4. Determine whether the information is sufficient , and if so, generate an answer; if not, identify the missing details and re-query to obtain more data.
5. If more information is needed, return to the search step and perform a recursive search , discarding irrelevant data along the way and retaining relevant information.
6. When sufficient information is available, synthesize it to generate a final answer .
Technical advantages

Traditional RAG systems often face challenges such as difficulty in information screening and inability to effectively integrate multi-source information when dealing with complex problems. The recursive reasoning RAG system based on DeepSeek-R1 has achieved a leap in performance with its powerful reasoning capabilities. It can dynamically screen information , reduce reliance on cumbersome techniques such as "long context reordering", and effectively handle long nested and complex queries through a recursive retrieval mechanism .

Actual Cases

Take the query "Is RBC headquarters located north of Sam Altman Brothers' headquarters?" as an example. The system first retrieved that RBC's headquarters is in Toronto, but the location information of Sam Altman Brothers' headquarters was missing, so it searched recursively. After searching again, it obtained some location information of related companies, but there was an unclear relationship between the company and the brothers, so it continued to search.
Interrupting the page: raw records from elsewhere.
(* Let $m\ge 1$, $n\ge 0$, let $y_1,\dots,y_m$ be distinct integers each less than $-1$, let $x_1,\dots,x_n$ be distinct integers each greater than $1$, and let $D=\{1,y_1,\dots,y_m,x_1,\dots,x_n\}$. Then $diam(D)=diam(D\cup\{0\})$, and $diam(D)=4$ if $m=1$, $diam(D)=5$ if $m=2$, and $diam(D)=6$ if $m>2$.
   Context: A signed tree is a pair $(T,s)$ where $T$ is a finite tree and $s:E(T)\to\{+,-\}$. The signed degree $sdeg(v)$ of a vertex is the number of incident positive edges minus the number of incident negative edges. $(T,s)$ realizes (satisfies) a set $D$ of integers if $D=\{sdeg(v):v\in V(T)\}$. For a set $D$ containing $1$ or $-1$, $diam(D)=\min\{diam(T): \text{some signed tree }(T,s)\text{ realizes }D\}$, where $diam(T)$ is the diameter of the tree $T$. *)

From mathcomp Require Import all_boot all_order all_algebra.
Set Implicit Arguments. Unset Strict Implicit. Unset Printing Implicit Defensive.
Import Order.TTheory GRing.Theory Num.Theory.

Definition is_tree (T : finType) (e : rel T) : Prop :=
  [/\ (exists x : T, True),
      (forall x y, e x y = e y x),
      (forall x, ~~ e x x),
      (forall x y, connect e x y)
    & (forall p : seq T, uniq p -> 3 <= size p -> ~~ cycle e p)].

(* a signing of the edges: s x y = true means the edge xy is positive *)
Definition is_signing (T : finType) (e : rel T) (s : T -> T -> bool) : Prop :=
  forall x y, e x y -> s x y = s y x.

Definition sdeg (T : finType) (e : rel T) (s : T -> T -> bool) (v : T) : int :=
  (#|[pred u | e v u && s v u]|%:Z - #|[pred u | e v u && ~~ s v u]|%:Z)%R.

Definition realizes (T : finType) (e : rel T) (s : T -> T -> bool)
    (D : int -> Prop) : Prop :=
  (forall v : T, D (sdeg e s v)) /\ (forall d, D d -> exists v : T, sdeg e s v = d).

Definition has_walk (T : finType) (e : rel T) (x y : T) (k : nat) : Prop :=
  exists p : seq T, [/\ path e x p, last x p = y & size p = k].
Definition dist (T : finType) (e : rel T) (x y : T) (k : nat) : Prop :=
  has_walk e x y k /\ (forall j, has_walk e x y j -> k <= j).

Definition tree_diam (T : finType) (e : rel T) (d : nat) : Prop :=
  (exists x y, dist e x y d) /\ (forall x y k, dist e x y k -> k <= d).

Definition diamD (D : int -> Prop) (d : nat) : Prop :=
  (exists (T : finType) (e : rel T) (s : T -> T -> bool),
      [/\ is_tree e, is_signing e s, realizes e s D & tree_diam e d]) /\
  (forall (T : finType) (e : rel T) (s : T -> T -> bool) (d' : nat),
      is_tree e -> is_signing e s -> realizes e s D -> tree_diam e d' -> d <= d').

(* If -1 is not a signed degree, a vertex of signed degree at most -2 has at least two
   negative edges, and the far end of a negative edge is not a leaf (such a leaf would have
   signed degree -1). Hence a simple path ending at such a vertex can be prolonged by two
   edges without going back. Prolonging at both ends the path between two vertices realizing
   values y_i, y_j gives a path of length d + 4, where d is their distance; d >= 1 when m >= 2,
   and d >= 2 can be arranged when m >= 3 since three vertices of a tree are never pairwise
   adjacent.
   Conversely, below a root of signed degree y_1 hang one negatively attached "gadget" of signed
   degree z for every other value z (including 0 if wanted), enough gadgets of value 1 and
   positive leaves. All other vertices get signed degree 1, and the tree has depth 2 except
   below the gadgets of y_2, ..., y_m, where it has depth 3. *)

From mathcomp Require Import all_boot all_order all_algebra zify.
Import Order.TTheory GRing.Theory Num.Theory.
Set Implicit Arguments. Unset Strict Implicit. Unset Printing Implicit Defensive.

Lemma split_first (T : eqType) (a : pred T) (s : seq T) :
  has a s -> exists s1 z s2, [/\ s = s1 ++ z :: s2, a z & ~~ has a s1].
Proof.
elim: s => //= x s IHs; case ax: (a x) => /=.
  by move=> _; exists [::], x, s.
move=> /IHs[s1 [z [s2 [-> az nas1]]]].
by exists (x :: s1), z, s2; rewrite /= ax.
Qed.

Lemma cons_cat_last2 (T : Type) (x : T) (q : seq T) :
  0 < size q -> exists p u, x :: q = p ++ [:: u; last x q].
Proof.
case/lastP: q => // q t _; exists (belast x q), (last x q).
by rewrite last_rcons -rcons_cons lastI -!cats1 -catA.
Qed.

Lemma hasNbehead_nth (T : Type) (p : pred T) x0 (s : seq T) i :
  ~~ has p (behead s) -> i < size s -> p (nth x0 s i) -> i = 0.
Proof.
case: s i => [|x s] [|i] //= nhas lt_i p_i; case/negP: nhas.
by apply/(has_nthP x0); exists i.
Qed.

Definition upath (T : eqType) (e : rel T) (p : seq T) := sorted e p && uniq p.

Section Tree.
Variables (T : finType) (e : rel T).
Hypothesis e_sym : symmetric e.
Hypothesis e_irr : irreflexive e.
Hypothesis e_acyc : forall p : seq T, uniq p -> 3 <= size p -> ~~ cycle e p.

Lemma rev_path_sym x p : path e (last x p) (rev (belast x p)) = path e x p.
Proof. by rewrite rev_path; apply: eq_path => y z; rewrite /= e_sym. Qed.

Lemma upath_rev p : upath e (rev p) = upath e p.
Proof.
rewrite /upath rev_uniq rev_sorted; congr (_ && _).
by apply: eq_sorted => y z; rewrite /= e_sym.
Qed.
Finally, it confirmed that the information was complete and got the answer. Through this case, the system's ability to handle complex problems is fully demonstrated.

Summarize

The recursive reasoning RAG technology based on DeepSeek-R1 has brought new hope to the field of intelligent question answering. In the future, we believe that this RAG workflow that combines reasoning models with agent loops will gradually replace traditional RAG methods and become the mainstream technology for processing complex information retrieval.